I was wondering if there is a convenient way to train multiple h2o models from a nested data frame in R. Assume, we have a dataset with the following structure and I want to train one model for each Species:
dataset(iris)
iris_nested<-iris%>%
dplyr::mutate(dataset=dplyr::if_else(sample(1:nrow(iris))<100,"train","val"))%>%
dplyr::group_by(Species,dataset)%>%
tidyr::nest()%>%
tidyr::pivot_wider(names_from = dataset,values_from = data)
Is there a way of loading and using the dataset into h2o without building a loop to break up the nested list? I would like to avoid the step of creating h2o objects for each row.
Edit: For example to predict Sepal.Length with other numeric inputs, I would train a single model for row i with:
library(h2o)
h2o.init()
h2o_train<-as.h2o(iris_nested[["train"]][[i]])
h2o_val<-as.h2o(iris_nested[["val"]][[i]])
h2o_trainedmodel <- h2o.automl(
x = c("Sepal.Width","Petal.Length","Petal.Width"),
y = "Sepal.Length",
training_frame = h2o_train,
leaderboard_frame = h2o_val,
project_name = "run1")
Afterward, extract and save the trained model and generate a mapping table, so that I know which model belongs to which species.

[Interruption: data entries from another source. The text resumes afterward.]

(* A deterministic identification code of positive rate has, for large n,
   code sizes M0_k beyond any bound, in particular with 1/M0_k <= lambda.
   Any size tuple M_n is then reached by hashing each message m_k to
   m_k mod M0_k and using the maximal-error code on the hashes.  The
   diagonal error e(m|m) is unchanged, and e_k(m'|m) is at most lambda
   unless m_k and m'_k collide; among the m_k != m'_k at most a fraction
   1/M0_k collide, so each average error bar e_k(m') is at most 2 lambda. *)

From HB Require Import structures.
From mathcomp Require Import all_boot all_order all_algebra.
From mathcomp Require Import reals exp.
From mathcomp Require Import ring lra zify.
Set Implicit Arguments. Unset Strict Implicit. Unset Printing Implicit Defensive.
Import Order.TTheory GRing.Theory Num.Theory.

Section CoordinateFibers.
Variables (I : finType) (T : I -> finType) (i : I).
Implicit Types (x y : T i) (P : pred (T i)).

Definition set_coord (t : {dffun forall j, T j}) x : {dffun forall j, T j} :=
  [ffun j => dfwith (fun j => t j) x j].

Lemma set_coord_at t x : set_coord t x i = x.
Proof. by rewrite ffunE dfwith_in. Qed.

Lemma card_fiber_le x y :
  #|[pred t : {dffun forall j, T j} | t i == x]| <=
  #|[pred t : {dffun forall j, T j} | t i == y]|.
Proof.
rewrite -(card_in_image (f := set_coord ^~ y)); last first.
  move=> t1 t2; rewrite !inE => /eqP t1x /eqP t2x eq12; apply/ffunP => j.
  have := congr1 (fun t : {dffun forall j, T j} => t j) eq12; rewrite !ffunE.
  case: (eqVneq i j) => [<-|nij]; first by rewrite t1x t2x.
  by rewrite !dfwith_out.
apply/subset_leq_card/subsetP => _ /imageP[t _ ->].
by rewrite inE set_coord_at.
Qed.

Lemma card_fiber_eq x y :
  #|[pred t : {dffun forall j, T j} | t i == x]| =
  #|[pred t : {dffun forall j, T j} | t i == y]|.
Proof. by apply/eqP; rewrite eqn_leq !card_fiber_le. Qed.

Lemma card_preim_coord P x :
  #|[pred t : {dffun forall j, T j} | P (t i)]| =
  #|P| * #|[pred t : {dffun forall j, T j} | t i == x]|.
Proof.
rewrite -[LHS]sum1_card.
rewrite (partition_big (fun t : {dffun forall j, T j} => t i) P) //=.
rewrite -sum_nat_const.
apply: eq_bigr => y Py; rewrite (card_fiber_eq x y) -sum1_card.
by apply: eq_bigl => t; rewrite !inE; case: eqP => [->|]; rewrite ?Py ?andbF.
Qed.

End CoordinateFibers.

Lemma card_eqmod_le (M d : nat) (i : 'I_M) : 0 < d ->
  #|[pred j : 'I_M | j %% d == i %% d]| <= (M.-1 %/ d).+1.
Proof.
move=> d_gt0; rewrite cardE -(size_map (fun j : 'I_M => j %/ d)).
rewrite -(size_iota 0 (M.-1 %/ d).+1).
apply: uniq_leq_size => [|_ /mapP[j _ ->]].
  rewrite map_inj_in_uniq ?enum_uniq // => j1 j2.
  rewrite !mem_enum !inE => /eqP e1 /eqP e2 eq_div; apply: val_inj.
  by rewrite /= (divn_eq j1 d) (divn_eq j2 d) eq_div e1 e2.
rewrite mem_iota add0n ltnS leq_div2r //; have := ltn_ord j; lia.
Qed.

Lemma card_eqmod_neq_mul_le (M d : nat) (i : 'I_M) : 0 < d ->
  #|[pred j : 'I_M | (j != i) && (j %% d == i %% d)]| * d <= M.-1.
Proof.
move=> d_gt0; apply: leq_trans (leq_divM M.-1 d); rewrite leq_mul2r.
apply/orP; right; rewrite -ltnS; apply: leq_trans (card_eqmod_le i d_gt0).
by rewrite [X in _ < X](cardD1 i) inE eqxx.
Qed.

Local Open Scope ring_scope.

Lemma mean_le_of_sparse (R : realFieldType) (T : finType) (A B : pred T)
    (a : T -> R) (lam : R) (d : nat) :
  0 <= lam -> (0 < d)%N -> (#|predI A B| * d <= #|A|)%N ->
  (forall t, A t -> a t <= lam + (B t)%:R) ->
  #|A|%:R^-1 * \sum_(t | A t) a t <= lam + d%:R^-1.
Proof.
move=> lam_ge0 d_gt0 sparse a_le; have [->|A_gt0] := posnP #|A|.
  by rewrite invr0 mul0r addr_ge0 ?invr_ge0.
have sum_le : \sum_(t | A t) a t <= lam * #|A|%:R + #|predI A B|%:R.
  apply: le_trans (ler_sum _ a_le) _; rewrite big_split /= sumr_const mulr_natr.
  rewrite lerD2l -sum1_card natr_sum big_mkcondr /=.
  by apply: ler_sum => t _; case: (B t).
have A_pos : 0 < #|A|%:R :> R by rewrite ltr0n.
rewrite ler_pdivrMl // mulrDr mulrC.
apply: le_trans sum_le _; rewrite lerD2l ler_pdivlMr ?ltr0n //.
by rewrite -natrM ler_nat.
Qed.

Section Channel.
Variables (R : realType) (K : nat) (X : 'I_K -> finType) (Y : finType)
  (W : input X -> Y -> R).
Hypothesis W_channel : is_channel W.

Lemma Wn_ge0 n (xs : 'I_n -> input X) ys : 0 <= Wn W xs ys.
Proof. by apply: prodr_ge0 => i _; case: W_channel. Qed.

Lemma sum_Wn n (xs : 'I_n -> input X) : \sum_ys Wn W xs ys = 1.
Proof.
rewrite /Wn -(bigA_distr_bigA (fun i y => W (xs i) y)) /=.
by rewrite big1 // => i _; case: W_channel => _ ->.
Qed.

Variables (M : 'I_K -> nat) (n : nat) (f : encoder X M n) (g : decoder Y M n).

Lemma err_k_le1 m' m k : err_k W f g m' m k <= 1.
Proof.
rewrite /err_k -[X in _ <= X](sum_Wn (cw f m)); apply: ler_sum => ys _.
by rewrite ler_piMr ?Wn_ge0 // lern1 leq_b1.
Qed.

Lemma err_k_le_err m' m k : err_k W f g m' m k <= err W f g m' m.
Proof.
apply: ler_sum => ys _; rewrite ler_wpM2l ?Wn_ge0 // ler_nat.
case: (boolP (g m' ys k != _)) => // nk.
by rewrite lt0b; apply/existsP; exists k.
Qed.

End Channel.

Section Hashing.
Variables (R : realType) (K : nat) (X : 'I_K -> finType) (Y : finType)
  (W : input X -> Y -> R).
Hypothesis W_channel : is_channel W.
Variables (M M0 : 'I_K -> nat) (n : nat).
Hypothesis M0_gt0 : forall k, (0 < M0 k)%N.

Definition hash_idx k (i : 'I_(M k)) : 'I_(M0 k) :=
  Ordinal (ltn_pmod i (M0_gt0 k)).
Lemma hahn_exton_prefactor_neq0 (nu x : C) : (cpow x nu / qpoch_inf (q ^ 2)%R (q ^ 2))%C <> 0.
Proof.
  pose proof q2_bounds as Hq2.
  assert (Hinf : qpoch_inf (q ^ 2)%R (q ^ 2) <> 0).
  { apply qpoch_inf_neq0; [lra|]. intros n E.
    apply (f_equal Cmod) in E. rewrite Cmod_mult_pow, Cmod_R, Cmod_1, Rabs_right in E by lra.
    pose proof (pow_le_1 (q ^ 2) n ltac:(lra)). pose proof (pow_le (q ^ 2) n ltac:(lra)). nra. }
  intros E. apply (cexp_neq0 (nu * clog x)).
  replace (cexp (nu * clog x)) with (cpow x nu / qpoch_inf (q ^ 2)%R (q ^ 2) * qpoch_inf (q ^ 2)%R (q ^ 2))%C
    by (unfold cpow; field; exact Hinf).
  rewrite E. ring.
Qed.

Lemma Cmod_J_weight_le (k : nat) : Cmod (J_weight k) <= q ^ (k * (k + 1)) * (/ (1 - q ^ 2)) ^ k.
Proof.
  pose proof q2_bounds as Hq2. pose proof (Cmod_qpoch_diag_ge (q ^ 2) k Hq2).
  pose proof (pow_lt (1 - q ^ 2) k ltac:(lra)).
  unfold J_weight. rewrite Cmod_div by apply qpoch_q2_neq0.
  rewrite Cmod_R, Rabs_mult, pow_1_abs, Rmult_1_l, Rabs_right by (apply Rle_ge, pow_le; lra).
  rewrite pow_inv. unfold Rdiv. apply Rmult_le_compat_l; [apply pow_le; lra|].
  apply Rinv_le_contravar; lra.
Qed.

Lemma Cmod_J_coef_le (nu : C) (k : nat) :
  Cmod (J_coef nu k) <= exp (Cmod (q_pow q (2 * nu)) / (1 - q ^ 2)) * (q ^ (k * (k + 1)) * (/ (1 - q ^ 2)) ^ k).
Proof.
  pose proof q2_bounds as Hq2.
  unfold J_coef. rewrite Cmod_mult, (Rmult_comm (exp _)).
  apply Rmult_le_compat; [apply Cmod_ge_0 | apply Cmod_ge_0 | apply Cmod_J_weight_le|].
  eapply Rle_trans; [apply Cmod_qpoch_inf_le; lra|]. apply exp_le_exp_compat.
  rewrite Cmod_mult_pow by lra. unfold Rdiv. apply Rmult_le_compat_r; [left; apply Rinv_0_lt_compat; lra|].
  pose proof (Cmod_ge_0 (q_pow q (2 * nu))). pose proof (pow_le_1 q (2 * k + 2) ltac:(lra)).
  pose proof (pow_le q (2 * k + 2) ltac:(lra)). nra.
Qed.

Lemma ex_series_J_terms (nu x : C) : ex_series (fun k => Cmod (J_coef nu k * x ^ (2 * k))%C).
Proof.
  pose proof q2_bounds as Hq2.
  apply (ex_series_even_pseries_gauss q (/ (1 - q ^ 2)) (exp (Cmod (q_pow q (2 * nu)) / (1 - q ^ 2))) _ ltac:(lra)); [left; apply Rinv_0_lt_compat; lra|].
  apply Cmod_J_coef_le.
Qed.
(* Let $p\ne q$ be primes, $G=\mathbb{Z}_p^2\times\mathbb{Z}_q^2$, and let $S\subseteq G$ be spectral with $\gcd(|S|,p^2q^2)=pq$ and $pq<|S|<pq\min\{p,q\}$. Then for every nonzero $u\in\mathbb{Z}_p^2$ there is $x_u\in\mathbb{Z}_q^2$ with $\chi_{u+x_u}(S)=0$, and for every nonzero $v\in\mathbb{Z}_q^2$ there is $y_v\in\mathbb{Z}_p^2$ with $\chi_{v+y_v}(S)=0$.
   Context: Elements of $G$ are written $a+b$ with $a\in\mathbb{Z}_p^2$, $b\in\mathbb{Z}_q^2$. For $w=u+v$ define $\chi_w(a+b)=\exp\big(2\pi i(\tfrac{u\cdot a}{p}+\tfrac{v\cdot b}{q})\big)$ and $\chi(S)=\sum_{s\in S}\chi(s)$. $S$ is spectral if there is $\Lambda\subseteq G$ with $|\Lambda|=|S|$ and $\chi_{\lambda-\lambda'}(S)=0$ for all distinct $\lambda,\lambda'\in\Lambda$. *)

From mathcomp Require Import all_boot all_order all_algebra.
From mathcomp Require Import reals trigo Rstruct.
From mathcomp Require Import complex.
Import GRing.Theory Num.Theory.
Set Implicit Arguments. Unset Strict Implicit. Unset Printing Implicit Defensive.
Local Open Scope ring_scope.

(* G = Z_p^2 x Z_q^2 ; an element a + b is the pair (a, b). *)
Definition Gp (p q : nat) : finType := (('Z_p * 'Z_p) * ('Z_q * 'Z_q))%type.

Definition cexp2pi (x : Rdefinitions.R) : Rdefinitions.R[i] :=
  (cos (2 * pi * x) +i* sin (2 * pi * x))%C.

Definition dotn (n : nat) (u a : 'Z_n * 'Z_n) : nat :=
  (val u.1 * val a.1 + val u.2 * val a.2)%N.

Definition chi (p q : nat) (w g : Gp p q) : Rdefinitions.R[i] :=
  cexp2pi ((dotn w.1 g.1)%:R / p%:R + (dotn w.2 g.2)%:R / q%:R).

Definition chiS (p q : nat) (w : Gp p q) (S : {set Gp p q}) : Rdefinitions.R[i] :=
  \sum_(s in S) chi w s.

Definition spectral (p q : nat) (S : {set Gp p q}) : Prop :=
  exists Lam : {set Gp p q}, #|Lam| = #|S| /\
    {in Lam &, forall l l' : Gp p q, l != l' -> chiS (l - l') S = 0}.

(* Fix u != 0 in Z_p^2 and a spectrum L of S. Since |L| = |S| > pq, some
   value of det(u, l.1) in Z_p is taken by more than q points of L, whose
   Z_p-parts then pairwise differ by multiples of u. If two of them have
   distinct Z_p-parts, their difference is c u + x with c != 0, and the Galois
   automorphism of Q(zeta_pq) that multiplies Z_p-frequencies by 1/c turns
   chi_{c u + x}(S) = 0 into chi_{u + x'}(S) = 0. Otherwise their Z_q-parts form
   a set B of more than q points of Z_q^2; the same pigeonhole shows that every
   nonzero e in Z_q^2 is a multiple of a difference of B, so chi_e(S) = 0 for
   all e != 0 in Z_q^2, and Fourier inversion on Z_q^2 gives q^2 | |S|,
   contradicting gcd(|S|, p^2 q^2) = pq. The second claim is the first one for
   Z_q^2 x Z_p^2. *)

From mathcomp Require Import all_boot all_order all_algebra.
From mathcomp Require Import algC cyclotomic.
From mathcomp Require Import reals trigo Rstruct complex.
From mathcomp Require Import ring lra.
Import Order.TTheory GRing.Theory Num.Theory trigo.
Set Implicit Arguments.
Unset Strict Implicit.
Unset Printing Implicit Defensive.
Local Open Scope ring_scope.

Lemma map_ratr_Cyclotomic (K : numFieldType) n :
  map_poly (ratr : rat -> K) (map_poly intr 'Phi_n) = map_poly intr 'Phi_n.
Proof. by rewrite -map_poly_comp; apply: eq_map_poly => x /=; rewrite ratr_int. Qed.

Section CyclotomicGalois.
Variable F : numFieldType.

Lemma Xn_sub1_prod_Cyclotomic n (w : F) : (0 < n)%N ->
  (w ^+ n - 1) = \prod_(d <- divisors n) (map_poly intr 'Phi_d).[w].
Proof.
move=> n_gt0; rewrite -horner_prod -rmorph_prod /= prod_Cyclotomic //.
by rewrite rmorphB rmorph1 /= map_polyXn !hornerE.
Qed.

Lemma root_Cyclotomic n (w : F) :
  n.-primitive_root w -> root (map_poly intr 'Phi_n) w.
Proof.
move=> prim_w; have n_gt0 := prim_order_gt0 prim_w.
have /eqP := Xn_sub1_prod_Cyclotomic w n_gt0.
rewrite prim_expr_order // subrr eq_sym prodf_seq_eq0 => /hasP[d].
rewrite -dvdn_divisors // => d_dvd_n /= root_d.
have d_gt0 := dvdn_gt0 n_gt0 d_dvd_n.
suff -> : n = d by [].
apply/eqP; rewrite eqn_leq (dvdn_leq n_gt0 d_dvd_n) andbT.
have := dvdn_leq d_gt0; apply; rewrite (prim_order_dvd prim_w) -subr_eq0.
rewrite Xn_sub1_prod_Cyclotomic // prodf_seq_eq0.
by apply/hasP; exists d; rewrite -?dvdn_divisors.
Qed.

(* The minimal polynomial of a primitive n-th root of unity over Q is 'Phi_n:
   this is proved in algC, to which we reduce through a common root of
   gcd(P, 'Phi_n). *)
Lemma Cyclotomic_dvdp n (w : F) (P : {poly rat}) : n.-primitive_root w ->
  root (map_poly ratr P) w -> map_poly intr 'Phi_n %| P.
Proof.
move=> prim_w rootP; have n_gt0 := prim_order_gt0 prim_w.
have Phi_neq0 : map_poly intr 'Phi_n != 0 :> {poly rat}.
  exact/monic_neq0/monic_map/Cyclotomic_monic.
set g := gcdp P (map_poly intr 'Phi_n).
have root_g : root (map_poly (ratr : rat -> F) g) w.
  by rewrite gcdp_map root_gcd rootP map_ratr_Cyclotomic root_Cyclotomic.
have size_g : (1 < size g)%N.
  rewrite -(size_map_poly (ratr : {rmorphism rat -> F})).
  by apply: root_size_gt1 root_g; rewrite map_poly_eq0 gcdp_eq0 negb_and Phi_neq0 orbT.
have [r root_r] : exists r : algC, root (map_poly ratr g) r.
  by apply/closed_rootP; rewrite size_map_poly neq_ltn size_g orbT.
have [z prim_z] := C_prim_root_exists n_gt0.
have prim_r : n.-primitive_root r.
  rewrite -(root_cyclotomic prim_z) -(Cintr_Cyclotomic prim_z) -map_ratr_Cyclotomic.
  have /dvdpP[h ->] : g %| map_poly intr 'Phi_n by apply: dvdp_gcdr.
  by rewrite rmorphM rootM root_r orbT.
have [pf [Dpf _] min_pf] := minCpolyP r.
suff <- : pf = map_poly intr 'Phi_n.
  by apply: (dvdp_trans _ (dvdp_gcdl P (map_poly intr 'Phi_n))); rewrite -min_pf.
apply: (map_inj_poly (fmorph_inj (ratr : {rmorphism rat -> algC})) (rmorph0 _)).
by rewrite -Dpf map_ratr_Cyclotomic (minCpoly_cyclotomic prim_r) (Cintr_Cyclotomic prim_r).
Qed.
(* Let $K$ be a field, $m\ge2$, $d_1,\ldots,d_m$ positive integers, and $I_2(D)\subset K[x_1,\ldots,x_m,y_1,\ldots,y_m]$ the ideal generated by the $2$-minors of $D=\begin{pmatrix}x_1^{d_1}&\cdots&x_m^{d_m}\\ y_1^{d_1}&\cdots&y_m^{d_m}\end{pmatrix}$. Then $I_2(D)$ is prime if and only if $\gcd(d_i,d_j)=1$ for every $1\le i<j\le m$. *)

From HB Require Import structures.
From mathcomp Require Import all_boot all_order all_algebra.
From mathcomp Require Import mpoly.
Set Implicit Arguments. Unset Strict Implicit. Unset Printing Implicit Defensive.
Import Order.TTheory GRing.Theory Num.Theory.
Local Open Scope ring_scope.

Definition in_ideal_gen (R : comNzRingType) (gens : seq R) (p : R) : Prop :=
  exists c : seq R, p = \sum_(k < size gens) c`_k * gens`_k.

Definition prime_ideal (R : comNzRingType) (I : R -> Prop) : Prop :=
  ~ I 1 /\ forall a b : R, I (a * b) -> I a \/ I b.

Definition xv (K : fieldType) (m : nat) (i : 'I_m) : {mpoly K[m + m]} :=
  'X_(lshift m i).
Definition yv (K : fieldType) (m : nat) (i : 'I_m) : {mpoly K[m + m]} :=
  'X_(rshift m i).

Definition minorD (K : fieldType) (m : nat) (d : 'I_m -> nat) (i j : 'I_m)
  : {mpoly K[m + m]} :=
  xv K i ^+ d i * yv K j ^+ d j - xv K j ^+ d j * yv K i ^+ d i.

Definition minors2 (K : fieldType) (m : nat) (d : 'I_m -> nat)
  : seq {mpoly K[m + m]} :=
  [seq minorD K d ij.1 ij.2 | ij <- enum [pred ij : 'I_m * 'I_m | (ij.1 < ij.2)%N]].

Definition I2D (K : fieldType) (m : nat) (d : 'I_m -> nat)
  : {mpoly K[m + m]} -> Prop :=
  in_ideal_gen (minors2 K d).

From mathcomp Require Import all_boot all_algebra.
From mathcomp Require Import mpoly.
From mathcomp Require Import zify ring.
Set Implicit Arguments. Unset Strict Implicit. Unset Printing Implicit Defensive.
Import GRing.Theory.
Local Open Scope ring_scope.

(* If the d_i are pairwise coprime, I_2(D) is the kernel of the monomial
   substitution x_i |-> y_i t^(D / d_i), y_i |-> y_i with D = \prod_i d_i, hence
   prime. The minors lie in the kernel. Conversely, modulo I_2(D) every monomial
   is congruent to a standard one, divisible by no x_i^d_i y_j^d_j with i < j, and
   the substitution is injective on standard monomials: the exponent of t fixes
   each x-exponent modulo d_i by coprimality, and standardness pins it down.
   If instead g = gcd(d_i, d_j) > 1 for some i < j, the minor factors as
   (A - B)(A^(g-1) + ... + B^(g-1)) with A^g = x_i^d_i y_j^d_j, B^g = x_j^d_j y_i^d_i;
   killing every variable but x_i and y_j maps I_2(D) into the multiples of
   x_i^d_i y_j^d_j but none of the two factors, so neither lies in I_2(D). *)

Lemma eqn_modMr_coprime a b c q : coprime q c ->
  (a * c = b * c %[mod q])%N -> (a = b %[mod q])%N.
Proof.
move=> co_qc; wlog le_ab : a b / (a <= b)%N => [sym|].
  by case: (leqP a b) => [/sym//|/ltnW/sym sym' /esym/sym'/esym].
move=> /esym/eqP; rewrite eqn_mod_dvd ?leq_mul2r ?le_ab ?orbT //.
by rewrite -mulnBl Gauss_dvdl // => dvd_q; apply/esym/eqP; rewrite eqn_mod_dvd.
Qed.

Lemma eqn_mod_leq_subn a b q : (a < b)%N -> (a = b %[mod q])%N -> (q <= b - a)%N.
Proof.
move=> lt_ab /esym/eqP; rewrite eqn_mod_dvd; last exact: ltnW.
by move/dvdn_leq; apply; rewrite subn_gt0.
Qed.

Section IdealGen.
Variables (R : comNzRingType) (gens : seq R).
Local Notation I := (in_ideal_gen gens).

Lemma in_ideal_genP p :
  I p <-> exists f : nat -> R, p = \sum_(k < size gens) f k * gens`_k.
Proof.
split=> [[c ->]|[f ->]]; first by exists (nth 0 c).
by exists (mkseq f (size gens)); apply: eq_bigr => k _; rewrite nth_mkseq.
Qed.

Lemma in_ideal_gen0 : I 0.
Proof.
by apply/in_ideal_genP; exists (fun=> 0); rewrite big1 // => k _; rewrite mul0r.
Qed.

Lemma in_ideal_genD p q : I p -> I q -> I (p + q).
Proof.
move=> /in_ideal_genP[f ->] /in_ideal_genP[g ->]; apply/in_ideal_genP.
exists (fun k => f k + g k).
by rewrite -big_split; apply: eq_bigr => k _; rewrite mulrDl.
Qed.

Lemma in_ideal_genMl r p : I p -> I (r * p).
Proof.
move=> /in_ideal_genP[f ->]; apply/in_ideal_genP; exists (fun k => r * f k).
by rewrite mulr_sumr; apply: eq_bigr => k _; rewrite mulrA.
Qed.

Lemma mem_in_ideal_gen g : g \in gens -> I g.
Proof.
move=> gens_g; have lt_g : (index g gens < size gens)%N by rewrite index_mem.
apply/in_ideal_genP; exists (fun k => (k == index g gens)%:R).
rewrite (bigD1 (Ordinal lt_g)) //= eqxx mul1r nth_index // big1 ?addr0 // => k.
by rewrite -val_eqE /= => /negPf->; rewrite mul0r.
Qed.

Lemma in_ideal_gen_rmorph_dvdr (S : comNzRingType) (f : {rmorphism R -> S}) c p :
  (forall g, g \in gens -> exists a, f g = a * c) -> I p -> exists a, f p = a * c.
Proof.
move=> fgens /in_ideal_genP[h ->]; rewrite rmorph_sum.
apply: (big_ind (fun x => exists a, x = a * c)).
- by exists 0; rewrite mul0r.
- by move=> _ _ [a ->] [b ->]; exists (a + b); rewrite mulrDl.
move=> k _; rewrite rmorphM; have [a ->] := fgens _ (mem_nth 0 (ltn_ord k)).
by exists (f (h k) * a); rewrite mulrA.
Qed.

Lemma in_ideal_gen_rmorph_eq0 (S : comNzRingType) (f : {rmorphism R -> S}) p :
  (forall g, g \in gens -> f g = 0) -> I p -> f p = 0.
Proof.
move=> fgens Ip; have [a ->] : exists a, f p = a * 0.
  by apply: (in_ideal_gen_rmorph_dvdr _ Ip) => g /fgens->; exists 0; rewrite mulr0.
by rewrite mulr0.
Qed.

End IdealGen.

Lemma prime_ideal_kernel (R : comNzRingType) (S : idomainType)
    (f : {rmorphism R -> S}) (I : R -> Prop) :
  (forall p, I p <-> f p = 0) -> prime_ideal I.
Proof.
move=> kerI; split; first by rewrite kerI rmorph1 => /eqP; rewrite oner_eq0.
by move=> a b; rewrite !kerI rmorphM => /eqP; rewrite mulf_eq0 => /orP[]/eqP; auto.
Qed.

Section MonomialRestriction.
Variables (R : comNzRingType) (n : nat).
Implicit Types (mu tau : 'X_{1..n}) (S : pred 'I_n).

Lemma mpolyX_eq_mulX_lem mu tau (c : {mpoly R[n]}) :
  'X_[mu] = c * 'X_[tau] -> (tau <= mu)%MM.
Proof.
move=> eq_mu; have : mu \in msupp ('X_[mu] : {mpoly R[n]}) by rewrite msuppX inE.
by rewrite eq_mu (perm_mem (msuppMX _ _)) => /mapP[k _ ->]; rewrite lem_addr.
Qed.

Definition mrestrict S : n.-tuple {mpoly R[n]} :=
  [tuple if t \in S then 'X_t else 0 | t < n].

Lemma comp_mrestrictX_id S mu :
  (forall t, mu t != 0%N -> t \in S) -> 'X_[mu] \mPo mrestrict S = 'X_[mu].
Proof.
move=> muS; rewrite comp_mpolyX [RHS]mpolyXE_id; apply: eq_bigr => t _.
rewrite tnth_mktuple; case: ifP => // /negbT notSt.
by have /eqP-> : mu t == 0%N by apply: contraNT notSt => /muS.
Qed.

Lemma comp_mrestrictX_eq0 S mu t :
  mu t != 0%N -> t \notin S -> 'X_[mu] \mPo mrestrict S = 0.
Proof.
move=> mu_t notSt; rewrite comp_mpolyX (bigD1 t) //= tnth_mktuple.
by rewrite (negPf notSt) expr0n (negPf mu_t) mul0r.
Qed.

With purrr you can embed it into the tibble, but let's say if you want to do prediction, you might need to use map2, abit more complicated than should be i think :
library(dplyr)
library(h2o)
library(purrr)
iris%>%
dplyr::mutate(dataset=dplyr::if_else(sample(1:nrow(iris))<100,"train","val"))%>%
dplyr::group_by(Species,dataset)%>%
tidyr::nest()%>%
tidyr::pivot_wider(names_from = dataset,values_from = data) %>%
mutate(model=map(train,~h2o.randomForest(y="Sepal.Width",
x=c("Sepal.Length","Petal.Width","Petal.Length"),training_frame=as.h2o(.x))))